Records from a dataset
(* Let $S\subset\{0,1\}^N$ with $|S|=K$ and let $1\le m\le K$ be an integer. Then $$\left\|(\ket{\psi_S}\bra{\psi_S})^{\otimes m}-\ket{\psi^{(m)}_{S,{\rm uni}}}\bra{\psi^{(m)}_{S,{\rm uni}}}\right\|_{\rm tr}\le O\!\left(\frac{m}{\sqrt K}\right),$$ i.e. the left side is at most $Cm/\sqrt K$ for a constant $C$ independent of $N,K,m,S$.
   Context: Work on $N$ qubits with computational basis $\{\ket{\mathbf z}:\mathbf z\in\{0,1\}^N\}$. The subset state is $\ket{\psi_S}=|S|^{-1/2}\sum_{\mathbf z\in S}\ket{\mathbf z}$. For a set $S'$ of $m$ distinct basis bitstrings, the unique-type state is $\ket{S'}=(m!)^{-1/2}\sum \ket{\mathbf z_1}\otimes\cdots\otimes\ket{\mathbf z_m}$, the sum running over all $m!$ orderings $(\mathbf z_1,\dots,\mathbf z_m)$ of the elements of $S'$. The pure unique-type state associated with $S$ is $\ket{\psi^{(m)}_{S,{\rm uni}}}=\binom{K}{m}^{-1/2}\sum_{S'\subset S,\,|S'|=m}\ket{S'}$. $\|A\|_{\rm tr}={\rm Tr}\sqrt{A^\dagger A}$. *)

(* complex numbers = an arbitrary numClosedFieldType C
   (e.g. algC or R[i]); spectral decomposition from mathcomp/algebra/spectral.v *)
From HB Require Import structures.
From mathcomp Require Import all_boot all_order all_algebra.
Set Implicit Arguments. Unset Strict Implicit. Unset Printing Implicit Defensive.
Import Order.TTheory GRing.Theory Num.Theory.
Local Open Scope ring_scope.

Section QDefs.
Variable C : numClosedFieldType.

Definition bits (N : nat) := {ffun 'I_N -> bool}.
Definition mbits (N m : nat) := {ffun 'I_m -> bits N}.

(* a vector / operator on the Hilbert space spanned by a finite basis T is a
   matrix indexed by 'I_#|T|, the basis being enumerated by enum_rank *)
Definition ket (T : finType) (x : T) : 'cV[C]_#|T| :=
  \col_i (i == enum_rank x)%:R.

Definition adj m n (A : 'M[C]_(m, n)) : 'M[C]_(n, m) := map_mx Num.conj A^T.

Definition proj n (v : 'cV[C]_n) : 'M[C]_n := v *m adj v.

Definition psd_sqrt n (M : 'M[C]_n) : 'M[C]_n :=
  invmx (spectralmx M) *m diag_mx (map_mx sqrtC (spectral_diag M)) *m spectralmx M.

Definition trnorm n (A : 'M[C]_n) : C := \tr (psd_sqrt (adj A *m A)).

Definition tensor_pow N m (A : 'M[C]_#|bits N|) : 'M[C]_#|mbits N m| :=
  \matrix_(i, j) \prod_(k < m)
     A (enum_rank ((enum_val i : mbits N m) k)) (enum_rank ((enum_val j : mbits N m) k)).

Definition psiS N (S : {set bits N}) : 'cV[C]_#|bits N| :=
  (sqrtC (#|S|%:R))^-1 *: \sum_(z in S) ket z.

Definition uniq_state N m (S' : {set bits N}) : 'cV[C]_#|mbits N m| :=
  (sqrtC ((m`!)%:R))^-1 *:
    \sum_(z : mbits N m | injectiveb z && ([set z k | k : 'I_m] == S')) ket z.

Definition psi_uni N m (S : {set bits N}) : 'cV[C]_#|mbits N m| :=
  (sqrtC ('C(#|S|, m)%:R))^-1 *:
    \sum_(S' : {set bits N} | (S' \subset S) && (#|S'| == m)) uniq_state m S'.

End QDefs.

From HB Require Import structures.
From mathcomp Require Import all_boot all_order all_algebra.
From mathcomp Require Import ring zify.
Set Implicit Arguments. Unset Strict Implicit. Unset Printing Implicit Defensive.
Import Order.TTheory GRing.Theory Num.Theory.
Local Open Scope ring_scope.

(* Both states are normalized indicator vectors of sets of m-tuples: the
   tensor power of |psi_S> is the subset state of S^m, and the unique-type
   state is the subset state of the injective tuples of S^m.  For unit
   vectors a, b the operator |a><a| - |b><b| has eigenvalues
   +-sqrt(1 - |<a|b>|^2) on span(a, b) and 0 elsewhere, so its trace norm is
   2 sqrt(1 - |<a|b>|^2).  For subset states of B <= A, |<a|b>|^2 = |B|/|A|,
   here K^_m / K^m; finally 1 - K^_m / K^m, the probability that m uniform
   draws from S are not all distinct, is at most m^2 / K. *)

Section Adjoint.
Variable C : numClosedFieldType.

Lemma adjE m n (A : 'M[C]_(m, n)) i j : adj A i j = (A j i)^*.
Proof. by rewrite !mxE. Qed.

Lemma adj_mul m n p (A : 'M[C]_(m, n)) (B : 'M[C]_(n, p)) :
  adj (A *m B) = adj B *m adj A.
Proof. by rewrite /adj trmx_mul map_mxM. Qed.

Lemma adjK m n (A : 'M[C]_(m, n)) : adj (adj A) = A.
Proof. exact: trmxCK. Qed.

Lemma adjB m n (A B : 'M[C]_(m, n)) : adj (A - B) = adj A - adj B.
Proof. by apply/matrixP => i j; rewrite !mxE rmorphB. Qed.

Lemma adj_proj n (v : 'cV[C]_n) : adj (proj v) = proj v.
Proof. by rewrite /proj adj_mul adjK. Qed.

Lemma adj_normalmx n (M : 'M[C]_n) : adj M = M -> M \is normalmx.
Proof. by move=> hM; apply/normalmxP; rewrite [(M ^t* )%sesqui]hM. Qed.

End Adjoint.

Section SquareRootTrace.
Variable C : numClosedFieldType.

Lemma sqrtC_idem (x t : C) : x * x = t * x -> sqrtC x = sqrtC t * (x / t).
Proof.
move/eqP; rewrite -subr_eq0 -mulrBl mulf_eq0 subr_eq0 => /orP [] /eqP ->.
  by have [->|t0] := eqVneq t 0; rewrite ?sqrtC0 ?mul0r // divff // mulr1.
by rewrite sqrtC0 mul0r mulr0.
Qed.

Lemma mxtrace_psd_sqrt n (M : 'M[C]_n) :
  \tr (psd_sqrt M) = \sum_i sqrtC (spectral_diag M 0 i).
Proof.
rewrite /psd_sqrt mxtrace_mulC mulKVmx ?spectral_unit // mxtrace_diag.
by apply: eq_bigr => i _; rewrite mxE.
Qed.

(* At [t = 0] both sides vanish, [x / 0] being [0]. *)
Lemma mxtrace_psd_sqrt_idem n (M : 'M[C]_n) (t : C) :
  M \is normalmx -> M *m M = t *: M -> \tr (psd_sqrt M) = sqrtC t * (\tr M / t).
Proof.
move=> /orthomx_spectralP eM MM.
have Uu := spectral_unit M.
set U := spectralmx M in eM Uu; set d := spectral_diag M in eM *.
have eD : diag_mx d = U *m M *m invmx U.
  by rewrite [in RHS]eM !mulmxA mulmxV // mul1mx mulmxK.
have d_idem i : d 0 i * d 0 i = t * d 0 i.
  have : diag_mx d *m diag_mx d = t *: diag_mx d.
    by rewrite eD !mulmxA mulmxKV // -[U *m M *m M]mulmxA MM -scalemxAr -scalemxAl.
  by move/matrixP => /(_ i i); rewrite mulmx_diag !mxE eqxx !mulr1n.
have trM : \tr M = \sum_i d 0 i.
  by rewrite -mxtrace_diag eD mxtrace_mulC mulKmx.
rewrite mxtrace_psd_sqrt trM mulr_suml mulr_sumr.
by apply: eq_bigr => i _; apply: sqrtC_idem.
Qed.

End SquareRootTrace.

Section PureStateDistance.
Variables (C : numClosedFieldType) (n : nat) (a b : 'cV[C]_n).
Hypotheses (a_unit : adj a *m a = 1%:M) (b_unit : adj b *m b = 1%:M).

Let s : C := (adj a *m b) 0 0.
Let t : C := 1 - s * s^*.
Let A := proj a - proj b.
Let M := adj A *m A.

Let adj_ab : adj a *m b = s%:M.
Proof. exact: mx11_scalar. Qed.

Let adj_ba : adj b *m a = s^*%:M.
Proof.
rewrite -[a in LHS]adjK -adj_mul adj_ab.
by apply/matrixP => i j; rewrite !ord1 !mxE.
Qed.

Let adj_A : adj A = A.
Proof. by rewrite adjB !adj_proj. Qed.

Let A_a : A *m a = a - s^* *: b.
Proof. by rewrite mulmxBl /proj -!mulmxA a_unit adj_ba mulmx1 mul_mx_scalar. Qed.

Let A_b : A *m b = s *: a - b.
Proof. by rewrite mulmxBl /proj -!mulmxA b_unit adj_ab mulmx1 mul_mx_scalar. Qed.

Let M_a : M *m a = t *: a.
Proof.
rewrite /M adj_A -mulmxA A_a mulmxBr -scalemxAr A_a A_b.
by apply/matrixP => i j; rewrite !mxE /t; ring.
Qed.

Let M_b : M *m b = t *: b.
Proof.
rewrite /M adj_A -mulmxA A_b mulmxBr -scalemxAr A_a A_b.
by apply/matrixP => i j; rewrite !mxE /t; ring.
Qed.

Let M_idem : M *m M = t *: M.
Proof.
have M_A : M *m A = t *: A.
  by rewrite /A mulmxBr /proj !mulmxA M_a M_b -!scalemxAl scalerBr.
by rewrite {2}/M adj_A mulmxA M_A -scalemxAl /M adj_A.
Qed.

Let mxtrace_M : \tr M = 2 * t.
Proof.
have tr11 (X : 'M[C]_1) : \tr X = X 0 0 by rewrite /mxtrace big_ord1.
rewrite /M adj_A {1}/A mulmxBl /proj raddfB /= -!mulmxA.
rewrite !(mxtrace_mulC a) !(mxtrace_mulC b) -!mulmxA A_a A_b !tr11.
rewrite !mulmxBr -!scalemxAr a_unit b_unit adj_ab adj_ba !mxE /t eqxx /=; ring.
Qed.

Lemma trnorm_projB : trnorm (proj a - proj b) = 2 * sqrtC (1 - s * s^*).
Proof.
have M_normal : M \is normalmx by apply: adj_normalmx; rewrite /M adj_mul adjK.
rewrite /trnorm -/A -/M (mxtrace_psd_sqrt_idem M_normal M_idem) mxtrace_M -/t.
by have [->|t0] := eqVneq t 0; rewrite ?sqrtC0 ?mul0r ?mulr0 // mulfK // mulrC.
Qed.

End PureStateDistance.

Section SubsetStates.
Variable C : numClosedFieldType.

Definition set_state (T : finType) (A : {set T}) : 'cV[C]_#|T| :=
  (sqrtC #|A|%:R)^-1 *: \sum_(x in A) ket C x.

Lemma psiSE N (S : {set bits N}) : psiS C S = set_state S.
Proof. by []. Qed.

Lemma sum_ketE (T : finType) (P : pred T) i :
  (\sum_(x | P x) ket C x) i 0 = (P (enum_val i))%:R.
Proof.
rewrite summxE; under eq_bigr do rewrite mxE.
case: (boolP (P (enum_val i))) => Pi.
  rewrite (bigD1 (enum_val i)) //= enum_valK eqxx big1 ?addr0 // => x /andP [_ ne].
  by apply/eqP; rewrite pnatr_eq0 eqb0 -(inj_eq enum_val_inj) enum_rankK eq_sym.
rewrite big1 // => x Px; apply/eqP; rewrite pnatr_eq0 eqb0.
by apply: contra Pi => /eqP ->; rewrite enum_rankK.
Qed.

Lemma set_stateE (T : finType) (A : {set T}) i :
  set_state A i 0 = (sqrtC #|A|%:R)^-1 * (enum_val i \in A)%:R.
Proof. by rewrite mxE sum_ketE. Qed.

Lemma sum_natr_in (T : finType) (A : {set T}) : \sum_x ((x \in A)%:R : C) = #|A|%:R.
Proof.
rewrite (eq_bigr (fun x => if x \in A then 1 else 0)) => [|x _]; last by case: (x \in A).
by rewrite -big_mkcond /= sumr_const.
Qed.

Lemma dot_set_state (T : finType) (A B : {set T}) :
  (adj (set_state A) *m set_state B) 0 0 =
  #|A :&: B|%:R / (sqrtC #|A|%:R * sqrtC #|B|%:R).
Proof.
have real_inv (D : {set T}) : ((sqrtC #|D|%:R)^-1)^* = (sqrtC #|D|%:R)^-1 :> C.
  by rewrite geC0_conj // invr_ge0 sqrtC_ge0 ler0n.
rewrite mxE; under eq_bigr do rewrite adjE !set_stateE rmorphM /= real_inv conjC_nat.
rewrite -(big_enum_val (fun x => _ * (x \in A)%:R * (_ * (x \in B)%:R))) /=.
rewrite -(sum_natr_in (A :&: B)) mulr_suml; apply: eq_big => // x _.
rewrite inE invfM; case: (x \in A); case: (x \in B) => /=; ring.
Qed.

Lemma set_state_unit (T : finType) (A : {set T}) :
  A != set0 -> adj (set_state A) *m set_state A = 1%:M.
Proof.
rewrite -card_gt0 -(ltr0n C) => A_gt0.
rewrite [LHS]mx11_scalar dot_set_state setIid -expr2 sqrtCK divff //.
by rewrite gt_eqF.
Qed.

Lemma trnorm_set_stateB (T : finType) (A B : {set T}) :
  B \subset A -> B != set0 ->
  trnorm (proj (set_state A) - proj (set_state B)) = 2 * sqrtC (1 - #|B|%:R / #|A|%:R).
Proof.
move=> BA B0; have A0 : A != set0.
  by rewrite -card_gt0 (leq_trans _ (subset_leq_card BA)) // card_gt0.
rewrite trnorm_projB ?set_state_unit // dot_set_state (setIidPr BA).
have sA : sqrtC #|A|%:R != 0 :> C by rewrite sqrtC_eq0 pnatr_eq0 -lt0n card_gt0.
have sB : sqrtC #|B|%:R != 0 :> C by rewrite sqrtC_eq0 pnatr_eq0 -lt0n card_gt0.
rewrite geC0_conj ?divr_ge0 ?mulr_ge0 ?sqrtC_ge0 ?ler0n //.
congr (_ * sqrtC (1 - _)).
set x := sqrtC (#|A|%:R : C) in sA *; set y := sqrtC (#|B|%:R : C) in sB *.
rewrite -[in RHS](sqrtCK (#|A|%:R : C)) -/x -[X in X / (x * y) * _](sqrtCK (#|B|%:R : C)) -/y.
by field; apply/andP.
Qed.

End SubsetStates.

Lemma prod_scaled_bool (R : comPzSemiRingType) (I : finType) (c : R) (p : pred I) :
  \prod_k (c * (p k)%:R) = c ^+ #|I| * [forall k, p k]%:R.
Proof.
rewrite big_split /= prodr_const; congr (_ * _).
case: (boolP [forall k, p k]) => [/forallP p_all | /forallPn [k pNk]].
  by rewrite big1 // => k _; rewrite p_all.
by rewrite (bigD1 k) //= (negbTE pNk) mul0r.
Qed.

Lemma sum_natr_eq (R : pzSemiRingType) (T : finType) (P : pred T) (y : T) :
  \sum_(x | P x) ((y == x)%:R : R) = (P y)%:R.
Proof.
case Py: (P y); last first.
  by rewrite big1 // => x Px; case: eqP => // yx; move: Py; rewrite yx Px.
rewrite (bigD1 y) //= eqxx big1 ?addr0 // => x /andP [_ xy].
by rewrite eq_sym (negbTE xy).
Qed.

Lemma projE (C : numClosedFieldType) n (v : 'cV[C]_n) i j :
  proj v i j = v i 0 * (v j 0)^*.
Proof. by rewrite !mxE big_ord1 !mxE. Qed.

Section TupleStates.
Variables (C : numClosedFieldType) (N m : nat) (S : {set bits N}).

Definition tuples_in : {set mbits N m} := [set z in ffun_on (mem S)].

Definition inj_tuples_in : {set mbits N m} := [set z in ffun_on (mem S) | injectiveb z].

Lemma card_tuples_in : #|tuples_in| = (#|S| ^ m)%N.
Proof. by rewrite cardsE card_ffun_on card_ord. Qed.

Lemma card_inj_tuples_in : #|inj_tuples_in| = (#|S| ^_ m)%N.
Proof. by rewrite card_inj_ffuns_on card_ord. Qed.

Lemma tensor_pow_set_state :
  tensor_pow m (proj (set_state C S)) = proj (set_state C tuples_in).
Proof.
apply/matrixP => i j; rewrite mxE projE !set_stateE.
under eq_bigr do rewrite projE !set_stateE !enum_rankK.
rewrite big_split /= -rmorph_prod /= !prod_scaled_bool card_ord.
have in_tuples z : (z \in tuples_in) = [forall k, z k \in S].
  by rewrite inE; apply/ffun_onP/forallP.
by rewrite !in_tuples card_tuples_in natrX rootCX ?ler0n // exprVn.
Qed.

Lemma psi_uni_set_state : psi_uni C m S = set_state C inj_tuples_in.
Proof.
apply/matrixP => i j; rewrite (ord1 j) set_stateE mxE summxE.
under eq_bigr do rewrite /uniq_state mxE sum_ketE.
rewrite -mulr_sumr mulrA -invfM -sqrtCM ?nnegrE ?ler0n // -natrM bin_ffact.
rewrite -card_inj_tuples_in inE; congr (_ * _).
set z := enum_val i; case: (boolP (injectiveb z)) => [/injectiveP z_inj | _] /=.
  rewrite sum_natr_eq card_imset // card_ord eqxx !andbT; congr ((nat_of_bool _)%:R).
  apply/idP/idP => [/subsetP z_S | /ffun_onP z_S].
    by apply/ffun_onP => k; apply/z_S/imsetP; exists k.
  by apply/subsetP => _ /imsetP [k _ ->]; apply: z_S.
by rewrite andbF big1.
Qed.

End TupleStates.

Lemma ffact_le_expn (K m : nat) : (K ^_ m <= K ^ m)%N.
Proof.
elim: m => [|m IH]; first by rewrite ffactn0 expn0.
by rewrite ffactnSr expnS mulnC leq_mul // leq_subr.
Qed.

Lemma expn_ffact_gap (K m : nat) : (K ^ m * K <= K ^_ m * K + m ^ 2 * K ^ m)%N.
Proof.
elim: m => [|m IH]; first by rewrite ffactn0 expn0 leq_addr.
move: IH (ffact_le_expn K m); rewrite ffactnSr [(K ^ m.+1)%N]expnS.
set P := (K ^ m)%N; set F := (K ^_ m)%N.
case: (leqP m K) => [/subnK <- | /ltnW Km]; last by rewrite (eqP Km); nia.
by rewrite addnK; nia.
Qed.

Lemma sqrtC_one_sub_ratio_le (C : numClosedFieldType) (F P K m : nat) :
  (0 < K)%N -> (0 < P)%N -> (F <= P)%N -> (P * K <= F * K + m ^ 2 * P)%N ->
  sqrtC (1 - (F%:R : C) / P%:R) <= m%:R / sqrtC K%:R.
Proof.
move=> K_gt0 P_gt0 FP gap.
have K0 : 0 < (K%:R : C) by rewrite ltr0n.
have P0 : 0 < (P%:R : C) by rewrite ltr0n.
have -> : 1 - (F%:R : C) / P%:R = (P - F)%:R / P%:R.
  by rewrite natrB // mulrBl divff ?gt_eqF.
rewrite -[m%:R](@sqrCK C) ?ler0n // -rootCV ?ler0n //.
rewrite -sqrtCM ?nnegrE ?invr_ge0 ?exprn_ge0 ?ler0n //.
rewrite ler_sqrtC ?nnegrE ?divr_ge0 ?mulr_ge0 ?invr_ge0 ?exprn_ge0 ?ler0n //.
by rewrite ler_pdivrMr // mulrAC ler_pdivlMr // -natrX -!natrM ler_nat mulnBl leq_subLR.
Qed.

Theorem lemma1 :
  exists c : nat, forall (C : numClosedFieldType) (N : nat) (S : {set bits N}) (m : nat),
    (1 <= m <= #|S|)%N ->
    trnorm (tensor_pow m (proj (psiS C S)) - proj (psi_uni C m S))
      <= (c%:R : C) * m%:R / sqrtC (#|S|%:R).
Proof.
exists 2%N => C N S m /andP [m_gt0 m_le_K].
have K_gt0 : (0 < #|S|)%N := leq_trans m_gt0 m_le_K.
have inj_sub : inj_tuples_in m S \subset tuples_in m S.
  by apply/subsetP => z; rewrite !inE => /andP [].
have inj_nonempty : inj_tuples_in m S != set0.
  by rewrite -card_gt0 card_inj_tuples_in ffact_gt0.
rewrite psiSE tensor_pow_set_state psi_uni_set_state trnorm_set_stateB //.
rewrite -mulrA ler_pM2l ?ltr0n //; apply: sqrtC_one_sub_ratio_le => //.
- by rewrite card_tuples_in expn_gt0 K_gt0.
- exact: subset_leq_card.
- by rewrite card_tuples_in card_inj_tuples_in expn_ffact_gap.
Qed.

==

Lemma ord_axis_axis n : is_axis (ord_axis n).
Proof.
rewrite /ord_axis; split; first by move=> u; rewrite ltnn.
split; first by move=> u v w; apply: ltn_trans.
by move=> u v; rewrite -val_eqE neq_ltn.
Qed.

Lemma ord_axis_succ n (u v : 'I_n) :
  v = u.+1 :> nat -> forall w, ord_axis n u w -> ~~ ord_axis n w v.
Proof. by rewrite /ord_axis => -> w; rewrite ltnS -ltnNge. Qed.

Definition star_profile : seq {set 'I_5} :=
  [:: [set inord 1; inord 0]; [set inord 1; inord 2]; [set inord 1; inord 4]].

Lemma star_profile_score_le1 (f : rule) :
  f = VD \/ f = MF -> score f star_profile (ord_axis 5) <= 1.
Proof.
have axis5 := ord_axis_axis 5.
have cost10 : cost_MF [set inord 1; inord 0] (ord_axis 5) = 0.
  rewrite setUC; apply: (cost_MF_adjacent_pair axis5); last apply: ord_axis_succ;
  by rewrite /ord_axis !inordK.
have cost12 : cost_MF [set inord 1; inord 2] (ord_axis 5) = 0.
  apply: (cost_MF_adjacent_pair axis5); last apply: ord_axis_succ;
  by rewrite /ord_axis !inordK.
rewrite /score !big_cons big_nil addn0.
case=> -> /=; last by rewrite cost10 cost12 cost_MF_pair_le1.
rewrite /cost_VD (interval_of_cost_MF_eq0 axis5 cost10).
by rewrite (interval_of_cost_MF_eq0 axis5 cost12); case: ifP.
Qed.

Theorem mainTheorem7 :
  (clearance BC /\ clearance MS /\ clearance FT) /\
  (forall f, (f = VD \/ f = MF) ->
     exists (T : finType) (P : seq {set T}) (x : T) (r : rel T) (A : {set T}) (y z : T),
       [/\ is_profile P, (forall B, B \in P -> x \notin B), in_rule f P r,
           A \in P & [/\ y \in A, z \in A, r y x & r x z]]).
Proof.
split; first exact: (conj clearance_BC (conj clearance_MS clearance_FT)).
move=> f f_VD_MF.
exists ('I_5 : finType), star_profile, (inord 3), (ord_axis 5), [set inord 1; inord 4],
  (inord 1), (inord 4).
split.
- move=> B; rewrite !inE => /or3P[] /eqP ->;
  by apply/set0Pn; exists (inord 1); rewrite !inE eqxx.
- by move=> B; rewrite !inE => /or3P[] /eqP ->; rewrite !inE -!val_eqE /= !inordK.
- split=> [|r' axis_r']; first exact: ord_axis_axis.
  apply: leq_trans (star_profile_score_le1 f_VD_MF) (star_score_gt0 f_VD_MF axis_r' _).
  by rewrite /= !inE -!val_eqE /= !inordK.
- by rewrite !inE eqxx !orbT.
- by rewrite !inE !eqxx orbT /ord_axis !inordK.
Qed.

§ TASK DESCRIPTION: Set down precisely the lines above between the line holding "draws from S" and the line holding "Proof. by apply/matrixP", inclusive, and nothing beyond them.

§ SOLUTION TO THIS PROBLEM:
   draws from S are not all distinct, is at most m^2 / K. *)

Section Adjoint.
Variable C : numClosedFieldType.

Lemma adjE m n (A : 'M[C]_(m, n)) i j : adj A i j = (A j i)^*.
Proof. by rewrite !mxE. Qed.

Lemma adj_mul m n p (A : 'M[C]_(m, n)) (B : 'M[C]_(n, p)) :
  adj (A *m B) = adj B *m adj A.
Proof. by rewrite /adj trmx_mul map_mxM. Qed.

Lemma adjK m n (A : 'M[C]_(m, n)) : adj (adj A) = A.
Proof. exact: trmxCK. Qed.

Lemma adjB m n (A B : 'M[C]_(m, n)) : adj (A - B) = adj A - adj B.
Proof. by apply/matrixP => i j; rewrite !mxE rmorphB. Qed.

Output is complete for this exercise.